The optimal spatial resolution for PWD detection increased as PWD developed. In this study, the 10 cm, 8 cm, and 4 cm spatial resolutions were selected as the optimal spatial resolution in early, mid-, and late infection stages, respectively. In the early infection stage, the PWD detection accuracy was low and susceptible to influence from similar objects. Increases in spatial resolution at this stage did not effectively improve the PWD detection accuracy. However, in the mid- and late infection stages, the differences between infected and non-infected samples became more obvious, and higher spatial resolutions made it easier to capture these differences. While the highest spatial resolution in our research was 2 cm, it did not have the highest accuracy for any PWD infection stage, which may have been related to the canopy size of infected trees. Jonathan et al. and Guo et al. also produced similar results [
24,
25]. Limited by the permitted flying height in the study area, we were only able to collect hyperspectral images below 300 m. Future work should obtain a larger variety of hyperspectral images containing different canopy sizes to explore the impact of canopy size on the selection of optimal spatial resolution in PWD detection, especially in the early infection stage before symptoms are visible.
5. Conclusions
The UAV-based hyperspectral images collected at different infection stages and at different spatial resolutions were used to assess the impact of spatio-temporal scales on PWD detection. The following results were obtained. (1) The separability in the visible region was higher than that of near infrared and red edge regions at different spatio-temporal scales. There was a valley in the J-M distance in the green region and two J-M distance peaks in blue and red regions. The J-M distances at the lower spatial resolutions (8 cm, 10 cm, and 12 cm) were smaller than those of higher spatial resolutions (2 cm, 4 cm, and 6 cm) in the early infection stage, but greater in the mid-infection stage.
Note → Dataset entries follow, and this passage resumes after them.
(* Let $h$ be a real analytic function with $h(r)>0$ for $r>0$ and $h^2(r)=r^2\varphi(r)$ with $\varphi$ real analytic and $\varphi(0)=1$. There are no solutions $v$ of $\ddot v=\frac{2}{h^2}(e^v-1)$ on $[0,\infty)$ with $v(0)=\dot v(0)=0$ and $\lim_{r\to\infty}r^{-k}e^{v(r)}=0$ for some $k\in\mathbb{Z}$, such that $\ddot v(0)=b>0$.
   Context: Dots denote derivatives with respect to $r$. *)

From Stdlib Require Import Reals.
From Coquelicot Require Import Coquelicot.
Open Scope R_scope.

Definition analytic_at (f : R -> R) (x : R) : Prop :=
  exists (a : nat -> R) (d : R), 0 < d /\
    forall y, Rabs (y - x) < d -> is_series (fun n => a n * (y - x) ^ n) (f y).

(* f is real analytic on [0, oo) (at 0 this means f extends analytically). *)
Definition analytic_on_nonneg (f : R -> R) : Prop :=
  forall x, 0 <= x -> analytic_at f x.

Definition deriv_on_nonneg (f f' : R -> R) : Prop :=
  forall x, 0 <= x ->
    filterlim (fun y => (f y - f x) / (y - x))
      (within (fun y => 0 <= y /\ y <> x) (locally x)) (locally (f' x)).

From Stdlib Require Import Reals Lra ZArith.
From Coquelicot Require Import Coquelicot.
Open Scope R_scope.

(* Since v(0) = v'(0) = 0 and v''(0) = b > 0, the solution is positive with
   positive slope at some t0 > 0.  Wherever v > 0 the equation gives v'' > 0, so
   v lies above its tangent at t0; a continuity argument shows that v never
   returns to 0, hence v(r) >= c r for large r with c > 0.  Then e^v beats every
   power of r, and r^(-k) e^v cannot tend to 0. *)

Lemma deriv_on_nonneg_quotient (f f' : R -> R) x eps :
  deriv_on_nonneg f f' -> 0 <= x -> 0 < eps ->
  exists d, 0 < d /\ forall y, 0 <= y -> y <> x -> Rabs (y - x) < d ->
    Rabs ((f y - f x) / (y - x) - f' x) < eps.
Proof.
intros Hf hx he.
destruct (Hf x hx _ (locally_ball (f' x) (mkposreal eps he))) as [d Hd].
exists d; split; [apply cond_pos|].
intros y hy hyx hd; apply (Hd y hd); split; assumption.
Qed.

Lemma deriv_on_nonneg_lower_bound_at_0 (f f' : R -> R) eps :
  deriv_on_nonneg f f' -> 0 < eps ->
  exists d, 0 < d /\ forall y, 0 < y < d -> (f' 0 - eps) * y < f y - f 0.
Proof.
intros Hf he.
destruct (deriv_on_nonneg_quotient f f' 0 eps Hf (Rle_refl 0) he) as [d [hd Hd]].
exists d; split; [exact hd|]; intros y hy.
specialize (Hd y ltac:(lra) ltac:(lra) ltac:(rewrite Rminus_0_r, Rabs_pos_eq; lra)).
rewrite Rminus_0_r in Hd; apply Rabs_def2 in Hd.
replace (f y - f 0) with ((f y - f 0) / y * y) by (field; lra); nra.
Qed.

Lemma deriv_on_nonneg_derivable_pt_lim (f f' : R -> R) x :
  deriv_on_nonneg f f' -> 0 < x -> derivable_pt_lim f x (f' x).
Proof.
intros Hf hx e he.
destruct (deriv_on_nonneg_quotient f f' x e Hf (Rlt_le _ _ hx) he) as [d [hd Hd]].
exists (mkposreal (Rmin d x) (Rmin_pos _ _ hd hx)); simpl; intros k hk0 hk.
assert (Hdx := Rmin_l d x); assert (Hxx := Rmin_r d x).
apply Rabs_def2 in hk.
specialize (Hd (x + k)); replace (x + k - x) with k in Hd by ring.
apply Hd; [lra | intro E; apply hk0; lra | apply Rabs_def1; lra].
Qed.

Lemma continuity_pt_pos_near (f : R -> R) x :
  continuity_pt f x -> 0 < f x ->
  exists d, 0 < d /\ forall y, Rabs (y - x) < d -> 0 < f y.
Proof.
intros Hc hfx.
destruct (Hc (f x) hfx) as [d [hd Hd]]; exists d; split; [exact hd|].
intros y hy; destruct (Req_dec y x) as [->|hne]; [exact hfx|].
assert (Hy : Rabs (f y - f x) < f x) by (apply Hd; split; [split; [exact I|auto]|exact hy]).
apply Rabs_def2 in Hy; lra.
Qed.

Lemma first_nonpos (f : R -> R) t0 r :
  t0 <= r -> (forall x, t0 <= x <= r -> continuity_pt f x) ->
  0 < f t0 -> f r <= 0 ->
  exists m, t0 < m <= r /\ f m <= 0 /\ forall s, t0 <= s < m -> 0 < f s.
Proof.
intros htr Hc hf0 hfr.
set (E := fun x => t0 <= x <= r /\ forall s, t0 <= s <= x -> 0 < f s).
assert (Et0 : E t0).
{ split; [lra|]; intros s hs; replace s with t0 by lra; exact hf0. }
destruct (completeness E) as [m [Hub Hleast]].
{ exists r; intros x [[_ hx] _]; exact hx. }
{ exists t0; exact Et0. }
assert (hm0 := Hub t0 Et0).
assert (hmr : m <= r) by (apply Hleast; intros x [[_ hx] _]; exact hx).
assert (below : forall s, t0 <= s < m -> 0 < f s).
{ intros s hs; destruct (Rlt_or_le 0 (f s)) as [pos|nonpos]; [exact pos|].
  enough (m <= s) by lra.
  apply Hleast; intros x [_ Hx]; destruct (Rle_or_lt x s); [assumption|].
  specialize (Hx s ltac:(lra)); lra. }
assert (at_m : f m <= 0).
{ destruct (Rle_or_lt (f m) 0) as [nonpos|pos]; [exact nonpos|exfalso].
  assert (hmr' : m < r) by (destruct (Req_dec m r) as [<-|]; lra).
  destruct (continuity_pt_pos_near f m (Hc m ltac:(lra)) pos) as [d [hd Hd]].
  assert (hx1 := Rmin_l (m + d / 2) r); assert (hx2 := Rmin_r (m + d / 2) r).
  set (x := Rmin (m + d / 2) r) in *.
  assert (hmx : m < x) by (apply Rmin_glb_lt; lra).
  enough (E x) by (specialize (Hub x ltac:(assumption)); lra).
  split; [lra|]; intros s hs.
  destruct (Rlt_or_le s m); [apply below; lra|].
  apply Hd; rewrite Rabs_pos_eq; lra. }
exists m; split; [split; [destruct (Req_dec m t0) as [->|]; lra|exact hmr]|].
split; assumption.
Qed.

Lemma exp_mult_INR n x : exp (INR n * x) = exp x ^ n.
Proof.
induction n as [|n IH]; [simpl; rewrite Rmult_0_l; apply exp_0|].
rewrite S_INR, Rmult_plus_distr_r, Rmult_1_l, exp_plus, IH; simpl; ring.
Qed.

(* With y = c r / (2 (n+1)), [exp y >= y] gives exp (2 y) >= y^2 >= r once
   r >= 4 (n+1)^2 / c^2; raise this to the power n+1. *)
Lemma pow_le_exp_mul n c :
  0 < c -> exists R0, forall r, R0 <= r -> r ^ n <= exp (c * r).
Proof.
intros hc; set (N := INR (S n)).
assert (hN : 0 < N) by apply lt_0_INR, Nat.lt_0_succ.
set (q := 4 * N ^ 2 / c ^ 2).
assert (hq : 0 < q) by (apply Rdiv_lt_0_compat; nra).
exists (q + 1); intros r hr.
set (y := c * r / (2 * N)).
assert (hy : 0 <= y) by (apply Rle_mult_inv_pos; nra).
assert (hry : r <= y ^ 2).
{ replace (y ^ 2) with (r * (r / q)) by (unfold y, q; field; lra).
  assert (1 <= r / q).
  { apply (Rmult_le_reg_r q); [exact hq|].
    unfold Rdiv; rewrite Rmult_assoc, Rinv_l; lra. }
  nra. }
assert (hexp : y ^ 2 <= exp y ^ 2).
{ apply pow_incr; split; [exact hy|]; assert (Hy := exp_ineq1_le y); lra. }
replace (c * r) with (INR (2 * S n) * y)
  by (unfold y; rewrite mult_INR; fold N; simpl (INR 2); field; lra).
rewrite exp_mult_INR, pow_mult.
apply Rle_trans with (r ^ S n).
- simpl; assert (0 <= r ^ n) by (apply pow_le; lra); nra.
- apply pow_incr; lra.
Qed.

Lemma inv_pow_abs_le_powerRZ r m : 1 <= r -> / r ^ Z.abs_nat m <= powerRZ r m.
Proof.
intros hr.
assert (hpow : forall n, 1 <= r ^ n) by (intro n; apply pow_R1_Rle; exact hr).
destruct m as [|p|p]; simpl.
- rewrite Rinv_1; lra.
- assert (hp := hpow (Pos.to_nat p)).
  apply Rle_trans with 1; [|exact hp].
  rewrite <- Rinv_1; apply Rinv_le_contravar; lra.
- apply Rle_refl.
Qed.

Lemma is_lim_0_not_eventually_ge_1 (f : R -> R) :
  is_lim f p_infty 0 -> ~ exists R0, forall r, R0 <= r -> 1 <= f r.
Proof.
intros Hf [R0 HR0].
destruct (Hf _ (locally_ball 0 (mkposreal 1 Rlt_0_1))) as [M HM].
set (r := Rmax M R0 + 1).
assert (hM := Rmax_l M R0); assert (hR := Rmax_r M R0).
specialize (HM r ltac:(unfold r; lra)); specialize (HR0 r ltac:(unfold r; lra)).
change (Rabs (f r - 0) < 1) in HM; apply Rabs_def2 in HM; lra.
Qed.

Section ConvexSolution.

Variables v v1 v2 : R -> R.
Hypothesis Hv : deriv_on_nonneg v v1.
Hypothesis Hv1 : deriv_on_nonneg v1 v2.
Hypothesis v2_pos : forall r, 0 < r -> 0 < v r -> 0 < v2 r.

Let Dv x : 0 < x -> derivable_pt_lim v x (v1 x).
Proof. now apply deriv_on_nonneg_derivable_pt_lim. Qed.

Let Dv1 x : 0 < x -> derivable_pt_lim v1 x (v2 x).
Proof. now apply deriv_on_nonneg_derivable_pt_lim. Qed.

Lemma exists_pos_with_pos_slope :
  v 0 = 0 -> v1 0 = 0 -> 0 < v2 0 -> exists t0, 0 < t0 /\ 0 < v t0 /\ 0 < v1 t0.
Proof.
intros v0 v10 hb.
destruct (deriv_on_nonneg_lower_bound_at_0 v1 v2 (v2 0 / 2) Hv1 ltac:(lra))
  as [d1 [hd1 Hd1]].
assert (v1_pos : forall y, 0 < y < d1 -> 0 < v1 y).
{ intros y hy; specialize (Hd1 y hy); rewrite v10 in Hd1; nra. }
destruct (deriv_on_nonneg_lower_bound_at_0 v v1 1 Hv ltac:(lra)) as [d0 [hd0 Hd0]].
assert (v_gt : forall y, 0 < y < d0 -> - y < v y).
{ intros y hy; specialize (Hd0 y hy); rewrite v0, v10 in Hd0; lra. }
assert (v_incr : forall s t, 0 < s -> s < t -> t < d1 -> v s < v t).
{ intros s t hs hst ht.
  destruct (MVT_cor2 v v1 s t hst) as [xi [E hxi]]; [intros; apply Dv; lra|].
  assert (0 < v1 xi) by (apply v1_pos; lra); nra. }
assert (v_nonneg : 0 <= v (d1 / 4)).
{ apply Rle_plus_epsilon; intros eps heps.
  assert (hs1 := Rmin_l eps (Rmin (d1 / 8) (d0 / 2))).
  assert (hs2 := Rmin_r eps (Rmin (d1 / 8) (d0 / 2))).
  assert (hs3 := Rmin_l (d1 / 8) (d0 / 2)); assert (hs4 := Rmin_r (d1 / 8) (d0 / 2)).
  set (s := Rmin eps (Rmin (d1 / 8) (d0 / 2))) in *.
  assert (hs : 0 < s) by (repeat apply Rmin_pos; lra).
  pose proof (v_incr s (d1 / 4) hs ltac:(lra) ltac:(lra)).
  pose proof (v_gt s ltac:(lra)); lra. }
exists (d1 / 2); split; [lra|]; split.
- pose proof (v_incr (d1 / 4) (d1 / 2) ltac:(lra) ltac:(lra) ltac:(lra)); lra.
- apply v1_pos; lra.
Qed.

Lemma tangent_le t0 r :
  0 < t0 < r -> (forall s, t0 <= s < r -> 0 < v s) -> v t0 + v1 t0 * (r - t0) <= v r.
Proof.
intros htr Hpos.
destruct (MVT_cor2 v v1 t0 r ltac:(lra)) as [xi [E1 hxi]]; [intros; apply Dv; lra|].
destruct (MVT_cor2 v1 v2 t0 xi ltac:(lra)) as [z [E2 hz]]; [intros; apply Dv1; lra|].
assert (0 < v2 z) by (apply v2_pos; [|apply Hpos]; lra).
assert (v1 t0 < v1 xi) by nra; nra.
Qed.

Lemma stays_positive t0 :
  0 < t0 -> 0 < v t0 -> 0 <= v1 t0 -> forall r, t0 <= r -> 0 < v r.
Proof.
intros ht0 hv0 hv10 r hr; destruct (Rlt_or_le 0 (v r)) as [pos|nonpos]; [exact pos|].
destruct (first_nonpos v t0 r hr) as [m [hm [hvm Hbelow]]]; try assumption.
{ intros x hx; apply derivable_continuous_pt; exists (v1 x); apply Dv; lra. }
pose proof (tangent_le t0 m ltac:(lra) Hbelow); nra.
Qed.

Lemma eventually_linear_growth :
  v 0 = 0 -> v1 0 = 0 -> 0 < v2 0 ->
  exists c R0, 0 < c /\ forall r, R0 <= r -> c * r <= v r.
Proof.
intros v0 v10 hb.
destruct (exists_pos_with_pos_slope v0 v10 hb) as [t0 [ht0 [hv hv1]]].
exists (v1 t0 / 2), (2 * t0); split; [lra|]; intros r hr.
assert (hpos : forall s, t0 <= s < r -> 0 < v s)
  by (intros s hs; apply (stays_positive t0); lra).
pose proof (tangent_le t0 r ltac:(lra) hpos); nra.
Qed.

Lemma powerRZ_mul_exp_eventually_ge_1 (m : Z) :
  v 0 = 0 -> v1 0 = 0 -> 0 < v2 0 ->
  exists R0, forall r, R0 <= r -> 1 <= powerRZ r m * exp (v r).
Proof.
intros v0 v10 hb.
destruct (eventually_linear_growth v0 v10 hb) as [c [R1 [hc Hlin]]].
destruct (pow_le_exp_mul (Z.abs_nat m) c hc) as [R2 Hexp].
exists (Rmax 1 (Rmax R1 R2)); intros r hr.
assert (h1 := Rmax_l 1 (Rmax R1 R2)); assert (h2 := Rmax_r 1 (Rmax R1 R2)).
assert (h3 := Rmax_l R1 R2); assert (h4 := Rmax_r R1 R2).
set (n := Z.abs_nat m) in *.
assert (hrn : 0 < r ^ n) by (apply pow_lt; lra).
assert (hev : r ^ n <= exp (v r)).
{ apply Rle_trans with (exp (c * r)); [apply Hexp; lra|].
  destruct (Rle_lt_or_eq_dec _ _ (Hlin r ltac:(lra))) as [hlt| ->];
    [apply Rlt_le, exp_increasing, hlt|apply Rle_refl]. }
apply Rle_trans with (/ r ^ n * r ^ n); [rewrite Rinv_l; lra|].
apply Rmult_le_compat; [apply Rlt_le, Rinv_0_lt_compat; exact hrn|lra| |exact hev].
apply inv_pow_abs_le_powerRZ; lra.
Qed.

End ConvexSolution.

Theorem mainTheorem14 (h phi : R -> R)
  (Hh_an : analytic_on_nonneg h)
  (Hphi_an : analytic_on_nonneg phi)
  (Hh_pos : forall r, 0 < r -> 0 < h r)
  (Hh_phi : forall r, 0 <= r -> (h r) ^ 2 = r ^ 2 * phi r)
  (Hphi0 : phi 0 = 1)
  (b : R) (Hb : 0 < b) :
  ~ exists (v v1 v2 : R -> R),
      deriv_on_nonneg v v1 /\ deriv_on_nonneg v1 v2 /\
      (forall r, 0 < r -> v2 r = 2 / (h r) ^ 2 * (exp (v r) - 1)) /\
      v 0 = 0 /\ v1 0 = 0 /\
      (exists k : Z, is_lim (fun r => powerRZ r (- k) * exp (v r)) p_infty 0) /\
      v2 0 = b.
Proof.
intros [v [v1 [v2 [Hv [Hv1 [Hode [v0 [v10 [[k Hlim] v20]]]]]]]]].
assert (v2_pos : forall r, 0 < r -> 0 < v r -> 0 < v2 r).
{ intros r hr hvr; rewrite Hode by exact hr.
  assert (hexp : 1 < exp (v r)) by (rewrite <- exp_0; apply exp_increasing, hvr).
  apply Rmult_lt_0_compat; [|lra].
  apply Rdiv_lt_0_compat; [lra|apply pow_lt, Hh_pos, hr]. }
apply (is_lim_0_not_eventually_ge_1 _ Hlim).
apply (powerRZ_mul_exp_eventually_ge_1 v v1 v2 Hv Hv1 v2_pos); lra.
Qed.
In the late infection stage, the J-M distances of higher spatial resolutions were greater than those of lower spatial resolutions in near infrared region, but smaller in the visible region. (2) The PWD detection accuracies were 72.05–79.48%, 83.71–89.59%, and 96.81–99.28% with peak accuracies at 10 cm, 8 cm, and 4 cm spatial resolutions during the early, mid-, and late infection stages, respectively. (3) The GNDVI and REP were confirmed as the optimal VIs in early and mid-infection stages, respectively. However, in late infection stage, most VIs had high feature importance, so there was no optimal VI. This research focused on the impact of spatial-temporal scale on PWD detection, and has provided new ideas for future studies. This will play an important role in improving the effectiveness of early PWD detection. Identifying the optimal VIs for PWD detection will help in reducing the loss of forest resources caused by PWD. To apply these results at a larger scale, future research should pay more attention to the impact of other tree species, terrain, and background on forest disease detection.